_Exercise details_
Return all lines from the entries below in which the word "split" is present.

_Data in this exercise_
+ + + + + + +

Lemma aratio_le_qprod m c n : (m <= c <= n)%N -> (aratio u c <= qprod u m n)%N.
Proof.
case/andP=> mc cn; rewrite (big_cat_nat mc) /=; last by lia.
rewrite big_nat_recl // mulnCA -[X in (X <= _)%N]muln1 leq_mul //.
by rewrite muln_gt0; apply/andP; split; apply: prodn_gt0 => i; apply: aratio_gt0.
Qed.

Lemma qprod_ge_ends a b : (a + 2 <= b)%N ->
  (aratio u a * aratio u b * 2 ^ (b - a).-1 <= qprod u a b)%N.
Proof.
move=> ab; rewrite (@big_cat_nat _ _ _ a.+1) ?ltnS //=; last by lia.
rewrite big_nat1 big_nat_recr /=; last by lia.
have := @exp2_le_prod_aratio a.+1 (b - a).-1 isT.
rewrite (_ : (a.+1 + (b - a).-1)%N = b); last by lia.
by move=> h; rewrite -mulnA leq_mul // mulnC leq_mul.
Qed.

Lemma qprod_ge_double m b : (m < b)%N -> (0 < m \/ 2 <= aratio u m)%N ->
  (2 * aratio u b <= qprod u m b)%N.
Proof.
case: b => // b mb two; rewrite big_nat_recr ?(ltnW mb) //= -/(aratio u b.+1).
rewrite leq_mul2r; apply/orP; right.
case: two => [m_gt0|two].
- apply: leq_trans (aratio_ge2 b _) (aratio_le_qprod m b b _); lia.
- apply: leq_trans two (aratio_le_qprod m m b _); lia.
Qed.

End ASequence.

Section TorusNorm.
Variable R : realType.
Implicit Types (w : R) (n : int).

Lemma tnorm_le_half w : tnorm w <= 2^-1.
Proof.
have := floor_le w; have := floorD1_gt w.
by rewrite /tnorm ge_min intrD => ? ?; case: (lerP (w - (Num.floor w)%:~R) 2^-1) => ?; lra.
Qed.

Lemma tnorm_attained w : exists n, tnorm w = `|w - n%:~R|.
Proof.
have := floor_le w; have := floorD1_gt w; rewrite /tnorm intrD => lt_w le_w.
case: (leP (w - (Num.floor w)%:~R) ((Num.floor w)%:~R + 1%:~R - w)) => _.
- by exists (Num.floor w); rewrite ger0_norm // subr_ge0.
- by exists (Num.floor w + 1)%R; rewrite ler0_norm ?intrD ?opprB //; lra.
Qed.

Lemma tnorm_le_dist w n : tnorm w <= `|w - n%:~R|.
Proof.
have := floor_le w; have := floorD1_gt w.
rewrite /tnorm ge_min intrD => lt_w le_w.
have [->|[n_le|n_ge]] : n = Num.floor w \/ (n <= Num.floor w - 1)%R \/ (Num.floor w + 1 <= n)%R
  by lia.
- by rewrite ger0_norm ?lexx // subr_ge0.
- move: n_le; rewrite -(ler_int R) intrB => ?; rewrite ger0_norm; lra.
- move: n_ge; rewrite -(ler_int R) intrD => ?; rewrite ler0_norm; lra.
Qed.

Lemma tnormDz w n : tnorm (w + n%:~R) = tnorm w.
Proof.
apply/le_anti/andP; split.
- have [m ->] := tnorm_attained w.
  apply: le_trans (tnorm_le_dist _ (m + n)) _; rewrite intrD.
  by rewrite (_ : w + _ - _ = w - m%:~R) //; ring.
- have [m ->] := tnorm_attained (w + n%:~R).
  apply: le_trans (tnorm_le_dist _ (m - n)) _; rewrite intrB.
  by rewrite (_ : w - _ = w + n%:~R - m%:~R) //; ring.
Qed.

Lemma tnormN w : tnorm (- w) = tnorm w.
Proof.
suff le_tnormN (v : R) : tnorm (- v) <= tnorm v.
  by apply/le_anti; rewrite le_tnormN -{1}(opprK w) le_tnormN.
have [m ->] := tnorm_attained v.
by apply: le_trans (tnorm_le_dist _ (- m)) _; rewrite intrN -opprD normrN.
Qed.

Lemma tnorm_intD_sign a b w : a \is a Num.int -> tnorm (a + (-1) ^+ b * w) = tnorm w.
Proof.
case/intrP=> n ->; rewrite addrC tnormDz.
by case: (odd b) (signr_odd R b) => <-; rewrite ?expr0 ?expr1 ?mul1r ?mulN1r ?tnormN.
Qed.

Lemma tnorm_le_norm w : tnorm w <= `|w|.
Proof. by have := tnorm_le_dist w 0; rewrite subr0. Qed.

Lemma tnorm_id w : 0 <= w <= 2^-1 -> tnorm w = w.
Proof.
case/andP=> w_ge0 w_le; apply/le_anti/andP; split.
  by rewrite -{2}(ger0_norm w_ge0) tnorm_le_norm.
have [n ->] := tnorm_attained w.
have [->|n_neq0] := eqVneq n 0; first by rewrite subr0 ger0_norm.
have := norm_intr_ge1 (intr_int R n); rewrite intr_eq0 => /(_ n_neq0) n_ge1.
have := lerB_dist n%:~R w; rewrite distrC (ger0_norm w_ge0); lra.
Qed.

End TorusNorm.

Lemma alt_sum_bounds (R : realType) (f : nat -> R) :
  (forall i, 0 <= f i) -> (forall i, f i.+1 <= f i) ->
  forall L, 0 <= \sum_(0 <= i < L) (-1) ^+ i * f i <= f 0%N.
Proof.
move=> f_ge0 f_decr L; elim: L f f_ge0 f_decr => [|L IH] f f_ge0 f_decr.
  by rewrite big_geq // lexx f_ge0.
rewrite big_nat_recl // expr0 mul1r.
under eq_bigr do rewrite exprS mulN1r mulNr.
rewrite sumrN; have := IH (f \o succn) (fun i => f_ge0 i.+1) (fun i => f_decr i.+1).
by have := f_decr 0%N; rewrite /= => ? /andP[? ?]; apply/andP; split; lra.
Qed.

Section AlternatingTail.
Variables (R : realType) (f : nat -> R).
Hypotheses (f_ge0 : forall i, 0 <= f i) (f_decr : forall i, f i.+1 <= f i).
Local Notation S := (series (fun k => (-1) ^+ k * f k)).
Hypothesis S_cvg : cvgn S.
Local Notation tail N := ((-1) ^+ N * (limn S - S N%N)).

Lemma series_alt_shift N L :
  S (N + L)%N - S N = (-1) ^+ N * \sum_(0 <= i < L) (-1) ^+ i * f (N + i)%N.
Proof.
rewrite /series /= (big_cat_nat (leq0n N) (leq_addr L N)) /= addrAC subrr add0r.
rewrite -{1}(add0n N) big_addn addKn mulr_sumr; apply: eq_bigr => i _.
by rewrite [(i + N)%N]addnC exprD mulrA.
Qed.

Lemma alt_tail_ge0_le N : 0 <= tail N <= f N.
Proof.
have shift_cvg : (-1) ^+ N * (S M - S N) @[M --> \oo] --> tail N.
  by apply: cvgM; [exact: cvg_cst | apply: cvgB => //; exact: cvg_cst].
have bounded : \forall M \near \oo, 0 <= (-1) ^+ N * (S M - S N) <= f N.
  near=> M; have /subnKC <- : (N <= M)%N by near: M; exists N.
  rewrite series_alt_shift signrMK.
  have := alt_sum_bounds _ (fun i => f (N + i)%N) (fun i => f_ge0 _) _ (M - N).
  by rewrite addn0; apply=> i; rewrite addnS.
rewrite -(cvg_lim (@Rhausdorff R) shift_cvg); apply/andP; split.
- by apply: limr_ge; [exact: cvgP shift_cvg | apply: filterS bounded => M /andP[]].
- by apply: limr_le; [exact: cvgP shift_cvg | apply: filterS bounded => M /andP[]].
Unshelve. all: by end_near.
Qed.

Lemma alt_tail_rec N : tail N = f N - f N.+1 + tail N.+2.
Proof.
have S2 : S N.+2 = S N + (-1) ^+ N * (f N - f N.+1) by rewrite !seriesSr exprS; ring.
have sq : (-1) ^+ N * (-1) ^+ N = 1 :> R by rewrite -exprD -signr_odd oddD addbb.
rewrite S2 !exprS; set s := (-1) ^+ N in sq *.
transitivity (f N - f N.+1 + s * (limn S - S N) - s * s * (f N - f N.+1)); last by ring.
by rewrite sq mul1r; ring.
Qed.

Lemma alt_tail_bounds N : f N - f N.+1 <= tail N <= f N - f N.+1 + f N.+2.
Proof.
rewrite alt_tail_rec; have /andP[ge0 le] := alt_tail_ge0_le N.+2.
by apply/andP; split; lra.
Qed.

End AlternatingTail.

Section AlternatingPoint.
Variables (R : realType) (u ns : nat -> nat) (Q : nat).
Hypotheses (hu : a_sequence u) (ns_gap : forall k, (ns k + 2 <= ns k.+1)%N).
Hypothesis ns_ratio : forall k, aratio u (ns k) = Q.
Local Notation x := (xS R u ns).
Local Notation inv_u k := (((u (ns k))%:R : R)^-1).
Local Notation S := (series (fun k => (-1) ^+ k * inv_u k)).
Local Notation tail N := ((-1) ^+ N * (x - S N%N)).
Local Notation upred m := ((u_pred u m)%:R : R).

Lemma ns_lt : {homo ns : k l / (k < l)%N}.
Proof. by apply: homo_ltn ltn_trans _ => k; have := ns_gap k; lia. Qed.

Lemma ns_le : {homo ns : k l / (k <= l)%N}.
Proof. by apply: homo_leq leqnn leq_trans _ => k; have := ns_gap k; lia. Qed.

Lemma ns_ge k : (k <= ns k)%N.
Proof. by elim: k => // k IH; have := ns_gap k; lia. Qed.

Lemma inv_u_gt0 k : 0 < inv_u k.
Proof. by rewrite invr_gt0 ltr0n aseq_gt0. Qed.

Lemma inv_u_lt k : inv_u k.+1 < inv_u k.
Proof.
rewrite ltf_pV2 ?posrE ?ltr0n ?aseq_gt0 // ltr_nat.
exact: aseq_lt hu _ _ (ns_lt _ _ (ltnSn k)).
Qed.

Lemma xS_series_cvg : cvgn S.
Proof.
apply: normed_cvg; rewrite (_ : [normed _] = series (fun k => inv_u k)); last first.
  apply: funext => n /=; apply: eq_bigr => k _.
  by rewrite normrM normrX normrN normr1 expr1n mul1r ger0_norm // ltW // inv_u_gt0.
apply: (@series_le_cvg R _ (geometric 1 (2^-1))) => [n|n|n|].
- exact: ltW (inv_u_gt0 n).
- exact: geometric_ge0.
- rewrite /geometric /= mul1r exprVn lef_pV2 ?posrE ?ltr0n ?aseq_gt0 ?exprn_gt0 //.
  by rewrite -natrX ler_nat (leq_trans _ (exp2_le_aseq hu _)) // leq_exp2l // ns_ge.
- by apply: is_cvg_geometric_series; rewrite ger0_norm //; lra.
Qed.

Lemma tail_bounds N :
  inv_u N - inv_u N.+1 <= tail N <= inv_u N - inv_u N.+1 + inv_u N.+2.
Proof.
exact: alt_tail_bounds (fun k => ltW (inv_u_gt0 k)) (fun k => ltW (inv_u_lt k)) xS_series_cvg N.
Qed.

Lemma tail_gt0_lt N : 0 < tail N < inv_u N.
Proof.
have /andP[lo hi] := tail_bounds N; have := inv_u_lt N; have := inv_u_lt N.+1.
by move=> ? ?; apply/andP; split; lra.
Qed.

Lemma upred_mul_partial_int m N : (forall j, (j < N)%N -> (ns j < m)%N) ->
  upred m * S N \is a Num.int.
Proof.
elim: N => [|N IH] below; first by rewrite /series /= big_geq // mulr0.
rewrite seriesSr mulrDr; apply: rpredD; first by apply: IH => j jN; apply: below; lia.
have /dvdnP[c ->] : (u (ns N) %| u_pred u m)%N.
  by have := below N (ltnSn N); case: (m) => //= m'; rewrite ltnS; exact: aseq_dvd hu _ _.
have U_neq0 : (u (ns N))%:R != 0 :> R by rewrite pnatr_eq0 -lt0n aseq_gt0.
set s := (-1) ^+ N; have s_int : s \is a Num.int by rewrite rpredX // rpredN rpred1.
by rewrite natrM -mulrA (mulrCA _ s) mulfV // mulr1 rpredM ?natr_int.
Qed.

Lemma tnorm_upred_xS m N : (forall j, (j < N)%N -> (ns j < m)%N) ->
  tnorm (upred m * x) = tnorm (upred m * tail N).
Proof.
move=> below; rewrite -[RHS](tnorm_intD_sign _ _ N _ (upred_mul_partial_int m N below)).
by rewrite mulrCA signrMK -mulrDr addrC subrK.
Qed.

Lemma upred_mul_inv_u m j : (m <= ns j)%N ->
  upred m * inv_u j = ((qprod u m (ns j))%:R)^-1.
Proof.
move=> /(upred_mul_qprod hu) <-; rewrite natrM invfM mulrA divff ?mul1r //.
by rewrite pnatr_eq0 -lt0n upred_gt0.
Qed.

+ + + + + + +

_Your response_
by rewrite muln_gt0; apply/andP; split; apply: prodn_gt0 => i; apply: aratio_gt0.
apply/le_anti/andP; split.
case/andP=> w_ge0 w_le; apply/le_anti/andP; split.
by have := f_decr 0%N; rewrite /= => ? /andP[? ?]; apply/andP; split; lra.
rewrite -(cvg_lim (@Rhausdorff R) shift_cvg); apply/andP; split.
by apply/andP; split; lra.
by move=> ? ?; apply/andP; split; lra.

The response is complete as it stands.